Once in, it is a complete surprise when he is dismissed and that is because his style of play does not change. He has a neat, compact stance, decisive feet movement either forward to the pitch of the ball (which is surprising for short men usually tend to bat from the crease with their weight on the back foot) or back, and a discipline that prevents any lust for glamour strokes.

Instead he bats and accumulates, re-scrapes guard and then bats and accumulates again. It is efficient yet elegant and mighty effective. So his dismay, obvious in his disconsolate walk from the wicket at chipping a return catch to Ian Fisher, was warranted as he was only on 79 at the time and his third century of the season had seemed a formality.

Instead it was left to his less celebrated partner, Jonathan Trott, to reach the milestone, his first Championship hundred in a year. His driving through the covers had a flamboyant flourish on the follow through but he was wisely circumspect to anything that merited caution. Fisher was swept and driven imperiously as Trott ensured Warwickshire a first-innings lead.

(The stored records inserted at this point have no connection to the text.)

Lemma qbin_ext_pascal k i : (i <= k)%nat ->
  qbin_ext q (S k) (S i) = qbin_ext q k i + q ^ (S i) * qbin_ext q k (S i).
Proof.
  intros Hik. unfold qbin_ext.
  replace (Nat.leb (S i) (S k)) with true by (symmetry; apply Nat.leb_le; lia).
  replace (Nat.leb i k) with true by (symmetry; apply Nat.leb_le; lia).
  destruct (Nat.eq_dec i k) as [->|Hne].
  - replace (Nat.leb (S k) k) with false by (symmetry; apply Nat.leb_gt; lia).
    rewrite !qbin_diag. ring.
  - replace (Nat.leb (S i) k) with true by (symmetry; apply Nat.leb_le; lia).
    apply qbin_pascal; lia.
Qed.

(** * The q-binomial theorem *)

(* The Gauss polynomial  sum_i (-1)^i q^C(i,2) binom(k,i)_q t^i,  which equals
   (1-t)(1-qt)...(1-q^(k-1)t). *)
Definition gauss_alt (k : nat) (t : R) : R :=
  rsum 0 k (fun i => qsign q i * qbin_ext q k i * t ^ i).

Lemma gauss_alt_S k t : gauss_alt (S k) t = (1 - t) * gauss_alt k (q * t).
Proof.
  unfold gauss_alt. rewrite rsum_0_S.
  rewrite (rsum_ext 0 k _ (fun i => - t * (qsign q i * qbin_ext q k i * (q * t) ^ i)
     + qsign q (S i) * qbin_ext q k (S i) * (q * t) ^ (S i))).
  2:{ intros i Hi. rewrite qbin_ext_pascal by lia. rewrite qsign_S.
      simpl. rewrite !Rpow_mult_distr. ring. }
  rewrite rsum_add, rsum_scal.
  set (g := fun i => qsign q i * qbin_ext q k i * (q * t) ^ i).
  change (rsum 0 k (fun i => qsign q (S i) * qbin_ext q k (S i) * (q * t) ^ S i))
    with (rsum 0 k (fun i => g (S i))).
  assert (Hsplit : rsum 0 (S k) g = rsum 0 k g + g (S k)) by (apply rsum_last; lia).
  rewrite rsum_0_S in Hsplit.
  assert (Htop : g (S k) = 0).
  { unfold g, qbin_ext. replace (Nat.leb (S k) k) with false
      by (symmetry; apply Nat.leb_gt; lia). ring. }
  assert (Hg0 : g 0%nat = 1) by (unfold g, qbin_ext, qsign; simpl; rewrite qbin_0; ring).
  assert (Hhead : qsign q 0 * qbin_ext q (S k) 0 * t ^ 0 = 1)
    by (unfold qbin_ext, qsign; simpl; rewrite qbin_0; ring).
  fold g. lra.
Qed.
(* Let $p\ge1$, $q\ge0$, and for $i=1,\dots,r$ let $f_i:\mathbb{R}^p\times\mathbb{R}^q\to\mathbb{R}$ be permutation-invariant with respect to its first argument. Let $\bar S=\{(M,z)\in\mathcal{S}^p\times\mathbb{R}^q\mid f_i(\lambda(M),z)\le1,\ i=1,\dots,r\}$ and $S=\{(x,z)\in\mathbb{R}^p\times\mathbb{R}^q\mid f_i(x,z)\le1,\ i=1,\dots,r\}$. Then $$\mathrm{conv}(\bar S)=\{(M,z)\in\mathcal{S}^p\times\mathbb{R}^q\mid(\lambda(M),z)\in\mathrm{conv}(S)\}.$$
   Context: $\mathcal{S}^p$ is the space of real symmetric $p\times p$ matrices and $\lambda(M)\in\mathbb{R}^p$ is the vector of eigenvalues of $M$ in nonincreasing order. $f(x,z)$ is permutation-invariant with respect to $x$ if $f(Px,z)=f(x,z)$ for every permutation matrix $P$. *)

From HB Require Import structures.
From mathcomp Require Import all_boot all_order all_algebra all_fingroup.
From Stdlib Require Import ClassicalEpsilon.
Set Implicit Arguments. Unset Strict Implicit. Unset Printing Implicit Defensive.
Import Order.TTheory GRing.Theory Num.Theory.
Local Open Scope ring_scope.

(* This determines l uniquely when it exists. *)
Definition is_eigvec_sorted (R : rcfType) (p : nat) (M : 'M[R]_p) (l : 'rV[R]_p) : Prop :=
  char_poly M = \prod_(i < p) ('X - (l 0 i)%:P)
  /\ (forall i j : 'I_p, (i <= j)%N -> l 0 j <= l 0 i).
(* Let $k$ be a finite field, $n\ge1$, and $F=T_0G_1+G_0\in k[T_0,\dots,T_n]$ nonzero homogeneous with $G_0,G_1\in k[T_1,\dots,T_n]$ homogeneous and $G_1\ne0$. Then there is a natural bijection \[ X_F(k)=\mathrm{Cone}_p(X_{G_1}\cap X_{G_0})(k)\ \sqcup\ \bigl(\mathbb{P}^{n-1}_k(k)-X_{G_1}(k)\bigr). \]
   Context: $X_F=\mathrm{Proj}\,k[T_0,\dots,T_n]/(F)$, $X_{G_1}=\mathrm{Proj}\,k[T_1,\dots,T_n]/(G_1)\subseteq\mathbb{P}^{n-1}_k=\mathrm{Proj}\,k[T_1,\dots,T_n]$, and $X_{G_1}\cap X_{G_0}=\mathrm{Proj}\,k[T_1,\dots,T_n]/(G_1,G_0)$. For $X=\mathrm{Proj}\,k[T_1,\dots,T_n]/I$, the projective cone with vertex $p=[1:0:\dots:0]$ is $\mathrm{Cone}_p(X)=\mathrm{Proj}\,k[T_0,T_1,\dots,T_n]/I\,k[T_0,\dots,T_n]$. $Y(k)$ denotes the set of $k$-rational points of $Y$. *)

From HB Require Import structures.
From mathcomp Require Import all_boot all_order all_algebra all_field.
From mathcomp Require Import mpoly.
Set Implicit Arguments. Unset Strict Implicit. Unset Printing Implicit Defensive.
Import Order.TTheory GRing.Theory.
Local Open Scope ring_scope.

Section Proj.
Variable k : fieldType.

(* A vector of k^m is normalized if its first nonzero coordinate equals 1.
   Normalized vectors are the canonical representatives of the points of
   P^{m-1}(k) = (k^m - 0)/k^*. *)
Definition normalized m (x : {ffun 'I_m -> k}) : bool :=
  [exists i : 'I_m, (x i == 1) && [forall j : 'I_m, (j < i)%N ==> (x j == 0)]].

Definition proj_pts m := {x : {ffun 'I_m -> k} | normalized x}.

(* Vanishing of a polynomial at a point (well defined for homogeneous
   polynomials, since the representative is fixed). *)
Definition vanishes m (P : {mpoly k[m]}) (x : proj_pts m) : bool :=
  P.@[fun i => val x i] == 0.

Definition tailv n (x : proj_pts n.+1) : 'I_n -> k :=
  fun i => val x (lift ord0 i).

(* The inclusion k[T_1,...,T_n] -> k[T_0,...,T_n], T_i |-> T_i
   (variable i of {mpoly k[n]} is sent to variable (lift ord0 i) = i+1). *)
Definition shift_mpoly n (G : {mpoly k[n]}) : {mpoly k[n.+1]} :=
  mmap (@mpolyC n.+1 k) (fun i => 'X_(lift ord0 i)) G.

Definition XF_pts n (F : {mpoly k[n.+1]}) := {x : proj_pts n.+1 | vanishes F x}.

(* Cone_p(X)(k), for X = Proj k[T_1..T_n]/I with I generated by the finite
   list Is of homogeneous polynomials: points of P^n_k whose last n
   coordinates are a zero of every generator. *)
Definition cone_pts n (Is : seq {mpoly k[n]}) :=
  {x : proj_pts n.+1 | all (fun G => G.@[tailv x] == 0) Is}.

Definition compl_pts n (G : {mpoly k[n]}) := {y : proj_pts n | ~~ vanishes G y}.

End Proj.

From HB Require Import structures.
From mathcomp Require Import all_boot all_order all_algebra all_field.
From mathcomp Require Import mpoly.
Set Implicit Arguments. Unset Strict Implicit. Unset Printing Implicit Defensive.
Import GRing.Theory.
Local Open Scope ring_scope.

(* Write a point of P^n as (x_0 : t) with t in k^n.  On X_F we have
   x_0 G1(t) + G0(t) = 0.  If G1(t) = 0 then G0(t) = 0 as well and the point
   lies on the cone.  Otherwise t is nonzero (by homogeneity of F), x_0 is
   forced to be -G0(t)/G1(t), and the point is determined by the class of t,
   which ranges over P^{n-1} - X_{G1}; conversely every such class lifts to
   exactly one point of X_F. *)

Section Normalization.
Variables (k : fieldType) (m : nat).
Implicit Types (u v : {ffun 'I_m -> k}) (c : k) (i j : 'I_m).

Definition first_nonzero v i : bool :=
  (v i != 0) && [forall j : 'I_m, (j < i)%N ==> (v j == 0)].

Lemma first_nonzero_uniq v i j : first_nonzero v i -> first_nonzero v j -> i = j.
Proof.
move=> /andP[vi /forallP vi_first] /andP[vj /forallP vj_first].
case: (ltngtP i j) => [ij | ji | /val_inj //].
- by move: vi; have /implyP/(_ ij) -> := vj_first i.
- by move: vj; have /implyP/(_ ji) -> := vi_first j.
Qed.

Lemma first_nonzero_exists v : v != 0 -> exists i, first_nonzero v i.
Proof.
move=> v_neq0; have [i vi] : exists i, v i != 0.
  apply/existsP; apply: contraR v_neq0 => /existsPn v0.
  by apply/eqP/ffunP => i; rewrite ffunE; apply/eqP/negbNE.
have [j vj j_min] := @arg_minnP _ i (fun j => v j != 0) val vi.
exists j; rewrite /first_nonzero vj; apply/forallP => l; apply/implyP => lj.
by apply: contraLR lj => vl; rewrite -leqNgt j_min.
Qed.

Lemma first_nonzeroZ c v i :
  c != 0 -> first_nonzero [ffun j => c * v j] i = first_nonzero v i.
Proof.
move=> c_neq0; rewrite /first_nonzero ffunE mulf_eq0 (negbTE c_neq0).
by congr (_ && _); apply: eq_forallb => j; rewrite ffunE mulf_eq0 (negbTE c_neq0).
Qed.

Lemma normalizedE u : normalized u = [exists i, first_nonzero u i && (u i == 1)].
Proof.
apply: eq_existsb => i; rewrite /first_nonzero.
by case: (u i =P 1) => [-> | _]; rewrite ?oner_eq0 /= ?andbT ?andbF.
Qed.

(* The junk value 0 for v = 0 makes [lead_coord_eq0] an equivalence. *)
Definition lead_coord v : k :=
  if [pick i | first_nonzero v i] is Some i then v i else 0.

Lemma lead_coordE v i : first_nonzero v i -> lead_coord v = v i.
Proof.
rewrite /lead_coord => vi; case: pickP => [j vj | /(_ i)]; last by rewrite vi.
by rewrite (first_nonzero_uniq vj vi).
Qed.

Lemma lead_coord_eq0 v : (lead_coord v == 0) = (v == 0).
Proof.
have [-> | /first_nonzero_exists[i vi]] := eqVneq v 0.
  by rewrite /lead_coord; case: pickP => [i /andP[] | _]; rewrite ?ffunE eqxx.
by rewrite (lead_coordE vi); case/andP: vi => /negbTE.
Qed.

Lemma lead_coordV_neq0 v : v != 0 -> (lead_coord v)^-1 != 0.
Proof. by rewrite invr_eq0 lead_coord_eq0. Qed.

Lemma lead_coordZ c v :
  c != 0 -> lead_coord [ffun j => c * v j] = c * lead_coord v.
Proof.
move=> c_neq0; rewrite /lead_coord (eq_pick (fun i => first_nonzeroZ v i c_neq0)).
by case: pickP => [i _ | _]; rewrite ?ffunE ?mulr0.
Qed.

Lemma lead_coord_normalized u : normalized u -> lead_coord u = 1.
Proof. by rewrite normalizedE => /existsP[i /andP[/lead_coordE -> /eqP]]. Qed.

Lemma normalized_neq0 u : normalized u -> u != 0.
Proof. by rewrite -lead_coord_eq0 => /lead_coord_normalized ->; rewrite oner_eq0. Qed.

Definition normalize v : {ffun 'I_m -> k} := [ffun i => (lead_coord v)^-1 * v i].

Lemma normalizeZ c v : c != 0 -> normalize [ffun j => c * v j] = normalize v.
Proof.
move=> c_neq0; apply/ffunP => i; rewrite !ffunE lead_coordZ // invfM.
by rewrite mulrACA mulVf // mul1r.
Qed.

Lemma normalize_id u : normalized u -> normalize u = u.
Proof.
by move/lead_coord_normalized => u1; apply/ffunP => i; rewrite ffunE u1 invr1 mul1r.
Qed.

Lemma normalized_normalize v : v != 0 -> normalized (normalize v).
Proof.
move=> /first_nonzero_exists[i vi]; rewrite normalizedE; apply/existsP; exists i.
have vi_neq0 : v i != 0 by case/andP: vi.
rewrite /normalize (lead_coordE vi) first_nonzeroZ ?invr_eq0 // vi /=.
by rewrite ffunE mulVf.
Qed.

Definition proj_pt v (v_neq0 : v != 0) : proj_pts k m :=
  exist _ (normalize v) (normalized_normalize v_neq0).

End Normalization.

Lemma meval_shift_mpoly (k : fieldType) n (G : {mpoly k[n]}) (w : 'I_n.+1 -> k) :
  (shift_mpoly G).@[w] = G.@[fun i => w (lift ord0 i)].
Proof.
rewrite /shift_mpoly /mmap raddf_sum /= mevalE; apply: eq_bigr => m _.
rewrite mevalM mevalC rmorph_prod /=; congr (_ * _).
by apply: eq_bigr => i _; rewrite rmorphXn /= mevalXU.
Qed.

Lemma meval_dhomog (R : comNzRingType) n (P : {mpoly R[n]}) d c (w : 'I_n -> R) :
  P \is d.-homog -> P.@[fun i => c * w i] = c ^+ d * P.@[w].
Proof.
move=> /dhomogP P_homog; rewrite !mevalE mulr_sumr; apply: eq_big_seq => m /P_homog <-.
under eq_bigr do rewrite exprMn.
by rewrite big_split /= prodrXr mdegE mulrCA.
Qed.

Lemma meval_finfun (R : nzRingType) m (P : {mpoly R[m]}) (w : 'I_m -> R) :
  P.@[[ffun i => w i]] = P.@[w].
Proof. by apply: meval_eq => i; rewrite ffunE. Qed.

Definition tailf (k : fieldType) n (v : {ffun 'I_n.+1 -> k}) : {ffun 'I_n -> k} :=
  [ffun i => v (lift ord0 i)].

Lemma meval_tailf (k : fieldType) n (P : {mpoly k[n]}) (v : {ffun 'I_n.+1 -> k}) :
  P.@[tailf v] = P.@[fun i => v (lift ord0 i)].
Proof. exact: meval_finfun. Qed.

Lemma meval_tailv (k : fieldType) n (P : {mpoly k[n]}) (x : proj_pts k n.+1) :
  P.@[tailv x] = P.@[tailf (val x)].
Proof. by rewrite meval_tailf. Qed.

Lemma tailf_normalize (k : fieldType) n (v : {ffun 'I_n.+1 -> k}) :
  tailf (normalize v) = [ffun i => (lead_coord v)^-1 * tailf v i].
Proof. by apply/ffunP => i; rewrite !ffunE. Qed.

Section Split.
Variables (k : fieldType) (n d d1 : nat) (F : {mpoly k[n.+1]}) (G0 G1 : {mpoly k[n]}).
Hypotheses (F_homog : F \is d.-homog) (G1_homog : G1 \is d1.-homog).
Hypothesis F_def : F = 'X_ord0 * shift_mpoly G1 + shift_mpoly G0.
Implicit Types (v : {ffun 'I_n.+1 -> k}) (y : {ffun 'I_n -> k}).

Lemma meval_F (w : 'I_n.+1 -> k) :
  F.@[w] = w ord0 * G1.@[fun i => w (lift ord0 i)] + G0.@[fun i => w (lift ord0 i)].
Proof. by rewrite F_def mevalD mevalM mevalXU !meval_shift_mpoly. Qed.

Lemma meval_G1_scale_neq0 c (w : 'I_n -> k) :
  c != 0 -> G1.@[w] != 0 -> G1.@[fun i => c * w i] != 0.
Proof. by move=> c_neq0 G1w; rewrite (meval_dhomog _ _ G1_homog) mulf_neq0 ?expf_neq0. Qed.

(* G1 may be a nonzero constant, so G1.@[tailf v] != 0 alone does not
   exclude tailf v = 0; the vanishing of F along the line through v does. *)
Lemma tailf_neq0 v : v != 0 -> F.@[v] = 0 -> G1.@[tailf v] != 0 -> tailf v != 0.
Proof.
move=> v_neq0 Fv; apply: contraNneq => tail0.
have tail_v (j : 'I_n) : v (lift ord0 j) = 0 by move/ffunP/(_ j): tail0; rewrite !ffunE.
have v0_neq0 : v ord0 != 0.
  apply: contraNneq v_neq0 => v0; apply/eqP/ffunP => i; rewrite ffunE.
  by case: (unliftP ord0 i) => [j -> | ->].
have F_line c : c * v ord0 * G1.@[fun _ => 0] + G0.@[fun _ => 0] = 0.
  have := meval_dhomog c v F_homog; rewrite Fv mulr0 meval_F /=.
  by rewrite !(@meval_eq _ _ _ (fun _ => 0)) // => j; rewrite tail_v mulr0.
have G0_0 := F_line 0; rewrite !mul0r add0r in G0_0.
have := F_line 1; rewrite G0_0 addr0 mul1r => /eqP.
by rewrite mulf_eq0 (negbTE v0_neq0) meval_tailf (meval_eq _ tail_v).
Qed.

Definition XF_over y : {ffun 'I_n.+1 -> k} :=
  [ffun i => if unlift ord0 i is Some j then y j else - G0.@[y] / G1.@[y]].

Lemma tailf_XF_over y : tailf (XF_over y) = y.
Proof. by apply/ffunP => i; rewrite !ffunE liftK. Qed.

Lemma XF_over_neq0 y : y != 0 -> XF_over y != 0.
Proof.
apply: contraNneq => XF_over0; rewrite -(tailf_XF_over y) XF_over0.
by apply/eqP/ffunP => i; rewrite !ffunE.
Qed.

Lemma meval_F_XF_over y : G1.@[y] != 0 -> F.@[XF_over y] = 0.
Proof.
move=> G1y; rewrite meval_F -!(meval_tailf _ (XF_over y)) tailf_XF_over ffunE.
by rewrite unlift_none divfK ?addNr.
Qed.

Lemma XF_over_scale c v : c != 0 -> F.@[v] = 0 -> G1.@[tailf v] != 0 ->
  XF_over [ffun i => c * tailf v i] = [ffun i => c * v i].
Proof.
move=> c_neq0 Fv G1v; apply/ffunP => i; rewrite !ffunE.
case: (unliftP ord0 i) => [j -> | ->]; first by rewrite !ffunE.
have scaled_tail : [ffun i => c * tailf v i] =1 (fun i => c * v (lift ord0 i)).
  by move=> j; rewrite !ffunE.
rewrite !(meval_eq _ scaled_tail).
have G1_neq0 : G1.@[fun i => c * v (lift ord0 i)] != 0.
  by apply: meval_G1_scale_neq0; move: G1v; rewrite meval_tailf.
have := meval_dhomog c v F_homog; rewrite Fv mulr0 meval_F => /eqP.
by rewrite addr_eq0 => /eqP <-; rewrite mulfK.
Qed.

Lemma meval_XF_pts (x : XF_pts F) : F.@[val (val x)] = 0.
Proof. exact/eqP/(valP x). Qed.

Lemma tailf_XF_pts_neq0 (x : XF_pts F) :
  G1.@[tailv (val x)] != 0 -> tailf (val (val x)) != 0.
Proof.
rewrite meval_tailv; apply: tailf_neq0 (meval_XF_pts x).
exact: normalized_neq0 (valP (val x)).
Qed.

Lemma cone_of_XF_subproof (x : XF_pts F) : G1.@[tailv (val x)] = 0 ->
  all (fun G => G.@[tailv (val x)] == 0) [:: G1; G0].
Proof.
move=> G1x; have := meval_XF_pts x; rewrite meval_F G1x mulr0 add0r.
by rewrite /= G1x => ->; rewrite eqxx.
Qed.

Lemma compl_of_XF_subproof (x : XF_pts F) (G1x : G1.@[tailv (val x)] != 0) :
  G1.@[normalize (tailf (val (val x)))] != 0.
Proof.
rewrite /normalize meval_finfun meval_G1_scale_neq0 //.
- exact/lead_coordV_neq0/tailf_XF_pts_neq0.
- by rewrite -meval_tailv.
Qed.

Definition cone_of_XF (x : XF_pts F) (G1x : G1.@[tailv (val x)] = 0) :
  cone_pts [:: G1; G0] := exist _ (val x) (cone_of_XF_subproof G1x).

Definition compl_of_XF (x : XF_pts F) (G1x : G1.@[tailv (val x)] != 0) :
  compl_pts G1 :=
  exist _ (proj_pt (tailf_XF_pts_neq0 G1x)) (compl_of_XF_subproof G1x).

Definition split_XF (x : XF_pts F) : cone_pts [:: G1; G0] + compl_pts G1 :=
  match eqVneq G1.@[tailv (val x)] 0 with
  | EqNotNeq G1x => inl (cone_of_XF G1x)
  | NeqNotEq G1x => inr (compl_of_XF G1x)
  end.

Lemma XF_of_cone_subproof (c : cone_pts [:: G1; G0]) : vanishes F (val c).
Proof.
case/and3P: (valP c) => /eqP G1c /eqP G0c _.
by rewrite /vanishes meval_F G1c G0c mulr0 addr0.
Qed.

Lemma XF_over_compl_neq0 (y : compl_pts G1) : XF_over (val (val y)) != 0.
Proof. exact/XF_over_neq0/normalized_neq0/(valP (val y)). Qed.

Lemma XF_of_compl_subproof (y : compl_pts G1) :
  F.@[normalize (XF_over (val (val y)))] == 0.
Proof.
rewrite /normalize meval_finfun (meval_dhomog _ _ F_homog) meval_F_XF_over ?mulr0 //.
exact: (valP y).
Qed.

Definition XF_of_cone (c : cone_pts [:: G1; G0]) : XF_pts F :=
  exist _ (val c) (XF_of_cone_subproof c).

Definition XF_of_compl (y : compl_pts G1) : XF_pts F :=
  exist _ (proj_pt (XF_over_compl_neq0 y)) (XF_of_compl_subproof y).

Definition merge_XF (r : cone_pts [:: G1; G0] + compl_pts G1) : XF_pts F :=
  match r with inl c => XF_of_cone c | inr y => XF_of_compl y end.

Lemma G1_tail_XF_of_compl_neq0 (y : compl_pts G1) :
  G1.@[tailv (val (XF_of_compl y))] != 0.
Proof.
rewrite meval_tailv /= tailf_normalize tailf_XF_over meval_finfun.
by rewrite meval_G1_scale_neq0 ?lead_coordV_neq0 ?XF_over_compl_neq0 //; exact: (valP y).
Qed.

Lemma split_XFK : cancel split_XF merge_XF.
Proof.
move=> x; rewrite /split_XF; case: eqVneq => G1x; apply/val_inj => //=.
apply/val_inj => /=; rewrite [X in XF_over X]/normalize XF_over_scale.
- by rewrite normalizeZ ?normalize_id ?lead_coordV_neq0 ?tailf_XF_pts_neq0 //; exact: valP.
- exact/lead_coordV_neq0/tailf_XF_pts_neq0.
- exact: meval_XF_pts.
- by rewrite -meval_tailv.
Qed.

Lemma merge_XFK : cancel merge_XF split_XF.
Proof.
case=> [c | y]; rewrite /split_XF; case: eqVneq => G1x.
- by congr inl; apply/val_inj.
- by exfalso; case/andP: (valP c) => /eqP G1c _; move: G1x; rewrite /= G1c eqxx.
- by exfalso; move/eqP: G1x; apply/negP/G1_tail_XF_of_compl_neq0.
- congr inr; apply/val_inj/val_inj => /=.
  rewrite tailf_normalize tailf_XF_over normalizeZ ?normalize_id //; first exact: valP.
  exact/lead_coordV_neq0/XF_over_compl_neq0.
Qed.

Lemma split_XF_coords (x : XF_pts F) :
  match split_XF x with
  | inl c => val (val c) = val (val x)
  | inr y => exists a : k, a != 0 /\ forall i : 'I_n, val (val y) i = a * tailv (val x) i
  end.
Proof.
rewrite /split_XF; case: eqVneq => G1x //=.
exists (lead_coord (tailf (val (val x))))^-1; split => [|i]; last by rewrite !ffunE.
exact/lead_coordV_neq0/tailf_XF_pts_neq0.
Qed.

End Split.

Theorem proposition5p5 (k : finFieldType) (n : nat) (n_ge1 : (1 <= n)%N)
    (F : {mpoly k[n.+1]}) (G0 G1 : {mpoly k[n]}) :
    F != 0 -> (exists d, F \is d.-homog) ->
    (exists d, G0 \is d.-homog) -> (exists d, G1 \is d.-homog) ->
    G1 != 0 ->
    F = 'X_ord0 * shift_mpoly G1 + shift_mpoly G0 ->
    exists f : XF_pts F -> cone_pts [:: G1; G0] + compl_pts G1,
      bijective f /\
      (forall x : XF_pts F,
        match f x with
        | inl c => val (val c) = val (val x)
        | inr y => exists a : k, a != 0 /\
                     forall i : 'I_n, val (val y) i = a * tailv (val x) i
        end).
Proof.
move=> _ [d F_homog] _ [d1 G1_homog] _ F_def.
exists (split_XF F_homog G1_homog F_def); split; last exact: split_XF_coords.
exact: Bijective (split_XFK _ _ _) (merge_XFK _ _ _).
Qed.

With the school pitch at this festival being slower and lower than a normal county ground, those runs could prove crucial on the final day. Warwickshire will want and need to score the bulk of their runs in the first innings before the pitch deteriorates and after the excellent partnership of 151 between Trott and Bell it was imperative that the rest of the middle order capitalised.

Alex Loudon played pleasantly, nurdling and scampering while Trott was subdued as Gloucestershire bowled to a ringed field. They were remiss, however, in allowing Upul Chandana to bowl a plentiful supply of full tosses without punishment.

Earlier in the week Gloucestershire hinted they were considering a second overseas player. Nathan Bracken, the Australian, has been mooted but what they desperately need is their first-choice one, Chandana, to find some form. Otherwise their dismal season could get worse.